Record Cat : Type := {
  ob :> Type;
  hom : ob -> ob -> Type;
  idm : forall a, hom a a;
  cmp : forall a b c, hom b c -> hom a b -> hom a c;
  cmp_id_l : forall a b (f : hom a b), cmp (idm b) f = f;
  cmp_id_r : forall a b (f : hom a b), cmp f (idm a) = f;
  cmp_assoc : forall a b c d (f : hom a b) (g : hom b c) (h : hom c d),
      cmp h (cmp g f) = cmp (cmp h g) f
}.
Arguments hom {C} : rename.
Arguments idm {C} : rename.
Arguments cmp {C a b c} : rename.

Definition is_pullback (C : Cat) (x a b c : C) (f : hom a c) (g : hom b c)
  (u : hom x a) (v : hom x b) : Prop :=
  cmp f u = cmp g v /\
  forall (y : C) (u' : hom y a) (v' : hom y b), cmp f u' = cmp g v' ->
    exists w : hom y x, (cmp u w = u' /\ cmp v w = v') /\
      forall w' : hom y x, cmp u w' = u' /\ cmp v w' = v' -> w' = w.

Definition is_terminal (C : Cat) (t : C) : Prop :=
  forall a : C, exists f : hom a t, forall g : hom a t, g = f.

Record FinLim (C : Cat) : Type := {
  tm : C;
  tm_term : is_terminal tm;
  pb : forall (a b c : C), hom a c -> hom b c -> C;
  pb1 : forall a b c (f : hom a c) (g : hom b c), hom (pb f g) a;
  pb2 : forall a b c (f : hom a c) (g : hom b c), hom (pb f g) b;
  pb_is_pullback : forall a b c (f : hom a c) (g : hom b c),
      is_pullback f g (pb1 f g) (pb2 f g)
}.
Arguments pb {C} _ {a b c}.
Arguments pb1 {C} _ {a b c}.
Arguments pb2 {C} _ {a b c}.

Record IPos (C : Cat) : Type := {
  fib :> C -> Type;
  fle : forall c, fib c -> fib c -> Prop;
  rdx : forall c d, hom c d -> fib d -> fib c
}.
Arguments fle {C} _ {c}.
Arguments rdx {C} _ {c d}.

Record Doctrine (C : Cat) : Type := {
  dpos :> IPos C;
  le_refl : forall c (x : dpos c), fle dpos x x;
  le_trans : forall c (x y z : dpos c), fle dpos x y -> fle dpos y z -> fle dpos x z;
  le_antisym : forall c (x y : dpos c), fle dpos x y -> fle dpos y x -> x = y;
  dtop : forall c, dpos c;
  dtop_max : forall c (x : dpos c), fle dpos x (dtop c);
  dmeet : forall c, dpos c -> dpos c -> dpos c;
  dmeet_glb : forall c (z x y : dpos c),
      fle dpos z (dmeet x y) <-> (fle dpos z x /\ fle dpos z y);
  rdx_top : forall c d (f : hom c d), rdx dpos f (dtop d) = dtop c;
  rdx_meet : forall c d (f : hom c d) (x y : dpos d),
      rdx dpos f (dmeet x y) = dmeet (rdx dpos f x) (rdx dpos f y);
  rdx_id : forall c (x : dpos c), rdx dpos (idm c) x = x;
  rdx_cmp : forall c d e (f : hom c d) (g : hom d e) (x : dpos e),
      rdx dpos (cmp g f) x = rdx dpos f (rdx dpos g x)
}.

Arguments le_refl {C} _ {c}.
Arguments le_trans {C} _ {c}.
Arguments le_antisym {C} _ {c}.
Arguments dtop {C} _.
Arguments dtop_max {C} _ {c}.
Arguments dmeet {C} _ {c}.
Arguments dmeet_glb {C} _ {c}.
Arguments rdx_top {C} _ {c d}.
Arguments rdx_meet {C} _ {c d}.
Arguments rdx_id {C} _ {c}.
Arguments rdx_cmp {C} _ {c d e}.

Record pair (C : Cat) (Q : IPos C) (c : C) : Type := mkpair {
  p_dom : C;
  p_map : hom p_dom c;
  p_el : Q p_dom
}.
Arguments mkpair {C Q c p_dom}.
Arguments p_dom {C Q c}.
Arguments p_map {C Q c}.
Arguments p_el {C Q c}.

Definition ple (C : Cat) (P : IPos C) (c : C) (q p : pair P c) : Prop :=
  exists h : hom (p_dom q) (p_dom p),
    cmp (p_map p) h = p_map q /\ fle P (p_el q) (rdx P h (p_el p)).

Definition pequiv (C : Cat) (P : IPos C) (c : C) (q p : pair P c) : Prop :=
  ple q p /\ ple p q.

(* equivalence classes of the preorder: the poset reflection *)
Definition is_class (C : Cat) (P : IPos C) (c : C) (A : pair P c -> Prop) : Prop :=
  exists p, forall q, A q <-> pequiv q p.

Definition PEfib (C : Cat) (P : IPos C) (c : C) : Type :=
  { A : pair P c -> Prop | is_class A }.

Definition PEle (C : Cat) (P : IPos C) (c : C) (A B : PEfib P c) : Prop :=
  forall p q, proj1_sig A p -> proj1_sig B q -> ple p q.

Definition rdx_pair (C : Cat) (L : FinLim C) (P : IPos C) (e c : C) (g : hom e c)
  (p : pair P c) : pair P e :=
  mkpair (pb1 L g (p_map p)) (rdx P (pb2 L g (p_map p)) (p_el p)).

Lemma doc_mono (C : Cat) (P : Doctrine C) (c d : C) (f : hom c d) (x y : P d) :
  fle P x y -> fle P (rdx P f x) (rdx P f y).
Proof.
  intros Hxy.
  assert (E : dmeet P x y = x).
  { apply le_antisym.
    - apply (proj1 (dmeet_glb P (dmeet P x y) x y) (le_refl P _)).
    - apply dmeet_glb; split; [apply le_refl | exact Hxy]. }
  rewrite <- E, rdx_meet.
  exact (proj2 (proj1 (dmeet_glb P _ _ _) (le_refl P _))).
Qed.

Lemma ple_refl (C : Cat) (P : Doctrine C) (c : C) (p : pair P c) : ple p p.
Proof.
  exists (idm _); split; [apply cmp_id_r|]. rewrite rdx_id; apply le_refl.
Qed.

Lemma ple_trans (C : Cat) (P : Doctrine C) (c : C) (p q r : pair P c) :
  ple p q -> ple q r -> ple p r.
Proof.
  intros [h [H1 H2]] [k [K1 K2]].
  exists (cmp k h); split.
  - rewrite cmp_assoc, K1; exact H1.
  - rewrite rdx_cmp. eapply le_trans; [exact H2|]. apply doc_mono; exact K2.
Qed.

Lemma rdx_pair_mono (C : Cat) (L : FinLim C) (P : Doctrine C) (e c : C)
  (g : hom e c) (p q : pair P c) :
  ple p q -> ple (rdx_pair L g p) (rdx_pair L g q).
Proof.
  intros [m [M1 M2]].
  destruct (pb_is_pullback L g (p_map q)) as [_ U].
  destruct (pb_is_pullback L g (p_map p)) as [Sq _].
  destruct (U _ (pb1 L g (p_map p)) (cmp m (pb2 L g (p_map p)))) as [n [[N1 N2] _]].
  { rewrite Sq, cmp_assoc, M1; reflexivity. }
  exists n; split; simpl.
  - exact N1.
  - rewrite <- rdx_cmp, N2, rdx_cmp. apply doc_mono; exact M2.
Qed.

Lemma rdx_class (C : Cat) (L : FinLim C) (P : Doctrine C) (e c : C)
  (g : hom e c) (A : PEfib P c) :
  is_class (fun q => exists p, proj1_sig A p /\ pequiv q (rdx_pair L g p)).
Proof.
  destruct A as [A [p0 Hp0]]; simpl.
  exists (rdx_pair L g p0); intros q; split.
  - intros [p [Ap [E1 E2]]]. apply Hp0 in Ap as [F1 F2]. split.
    + eapply ple_trans; [exact E1|]. apply rdx_pair_mono; exact F1.
    + eapply ple_trans; [|exact E2]. apply rdx_pair_mono; exact F2.
  - intros Hq. exists p0; split; [apply Hp0; split; apply ple_refl|exact Hq].
Qed.

Definition PErdx (C : Cat) (L : FinLim C) (P : Doctrine C) (e c : C) (g : hom e c)
  (A : PEfib P c) : PEfib P e :=
  exist _ (fun q => exists p, proj1_sig A p /\ pequiv q (rdx_pair L g p))
          (rdx_class L g A).

Definition PE (C : Cat) (L : FinLim C) (P : Doctrine C) : IPos C :=
  {| fib := fun c => PEfib P c;
     fle := fun c A B => PEle A B;
     rdx := fun c d g A => PErdx L g A |}.

(* a candidate sieve on the object (d,x) of C ⋊ Q *)
Definition sieve (C : Cat) (Q : IPos C) (d : C) : Type :=
  forall e : C, Q e -> hom e d -> Prop.

Definition is_sieve (C : Cat) (Q : IPos C) (d : C) (x : Q d) (S : sieve Q d) : Prop :=
  (forall e y h, S e y h -> fle Q y (rdx Q h x)) /\
  (forall e y (h : hom e d) e' y' (k : hom e' e),
      S e y h -> fle Q y' (rdx Q k y) -> S e' y' (cmp h k)).

Definition max_sieve (C : Cat) (Q : IPos C) (d : C) (x : Q d) : sieve Q d :=
  fun e y h => fle Q y (rdx Q h x).

Arguments max_sieve {C Q d} x _ _ _.

Definition pb_sieve (C : Cat) (Q : IPos C) (d e : C) (y : Q e) (k : hom e d)
  (R : sieve Q d) : sieve Q e :=
  fun e' y' h => R e' y' (cmp k h) /\ fle Q y' (rdx Q h y).

Arguments pb_sieve {C Q d e} y k R _ _ _.

Definition topology (C : Cat) (Q : IPos C) : Type :=
  forall d : C, Q d -> sieve Q d -> Prop.

Definition is_topology (C : Cat) (Q : IPos C) (J : topology Q) : Prop :=
  (forall d x S, J d x S -> is_sieve x S) /\
  (forall d x, J d x (max_sieve x)) /\
  (forall d x S e y (k : hom e d), J d x S -> fle Q y (rdx Q k x) ->
      J e y (pb_sieve y k S)) /\
  (forall d x S R, J d x S -> is_sieve x R ->
      (forall e y h, S e y h -> J e y (pb_sieve y h R)) -> J d x R).

Definition gen_sieve (C : Cat) (Q : IPos C) (d : C) (I : Type) (e : I -> C)
  (y : forall i, Q (e i)) (h : forall i, hom (e i) d) : sieve Q d :=
  fun e' y' h' => exists i (k : hom e' (e i)),
      fle Q y' (rdx Q k (y i)) /\ h' = cmp (h i) k.

Arguments gen_sieve {C Q d I} e y h _ _ _.

Definition J_triv (C : Cat) (Q : IPos C) : topology Q :=
  fun d x S => forall e y h, S e y h <-> max_sieve x e y h.

Arguments J_triv {C} Q.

> [Task details] What you give back should be exactly the lines of the data above from the line with "Definition is_pullback (C" through the line with "dtop_max : forall", both of those included, and nothing more.

> [Response]
Definition is_pullback (C : Cat) (x a b c : C) (f : hom a c) (g : hom b c)
  (u : hom x a) (v : hom x b) : Prop :=
  cmp f u = cmp g v /\
  forall (y : C) (u' : hom y a) (v' : hom y b), cmp f u' = cmp g v' ->
    exists w : hom y x, (cmp u w = u' /\ cmp v w = v') /\
      forall w' : hom y x, cmp u w' = u' /\ cmp v w' = v' -> w' = w.

Definition is_terminal (C : Cat) (t : C) : Prop :=
  forall a : C, exists f : hom a t, forall g : hom a t, g = f.

Record FinLim (C : Cat) : Type := {
  tm : C;
  tm_term : is_terminal tm;
  pb : forall (a b c : C), hom a c -> hom b c -> C;
  pb1 : forall a b c (f : hom a c) (g : hom b c), hom (pb f g) a;
  pb2 : forall a b c (f : hom a c) (g : hom b c), hom (pb f g) b;
  pb_is_pullback : forall a b c (f : hom a c) (g : hom b c),
      is_pullback f g (pb1 f g) (pb2 f g)
}.
Arguments pb {C} _ {a b c}.
Arguments pb1 {C} _ {a b c}.
Arguments pb2 {C} _ {a b c}.

Record IPos (C : Cat) : Type := {
  fib :> C -> Type;
  fle : forall c, fib c -> fib c -> Prop;
  rdx : forall c d, hom c d -> fib d -> fib c
}.
Arguments fle {C} _ {c}.
Arguments rdx {C} _ {c d}.

Record Doctrine (C : Cat) : Type := {
  dpos :> IPos C;
  le_refl : forall c (x : dpos c), fle dpos x x;
  le_trans : forall c (x y z : dpos c), fle dpos x y -> fle dpos y z -> fle dpos x z;
  le_antisym : forall c (x y : dpos c), fle dpos x y -> fle dpos y x -> x = y;
  dtop : forall c, dpos c;
  dtop_max : forall c (x : dpos c), fle dpos x (dtop c);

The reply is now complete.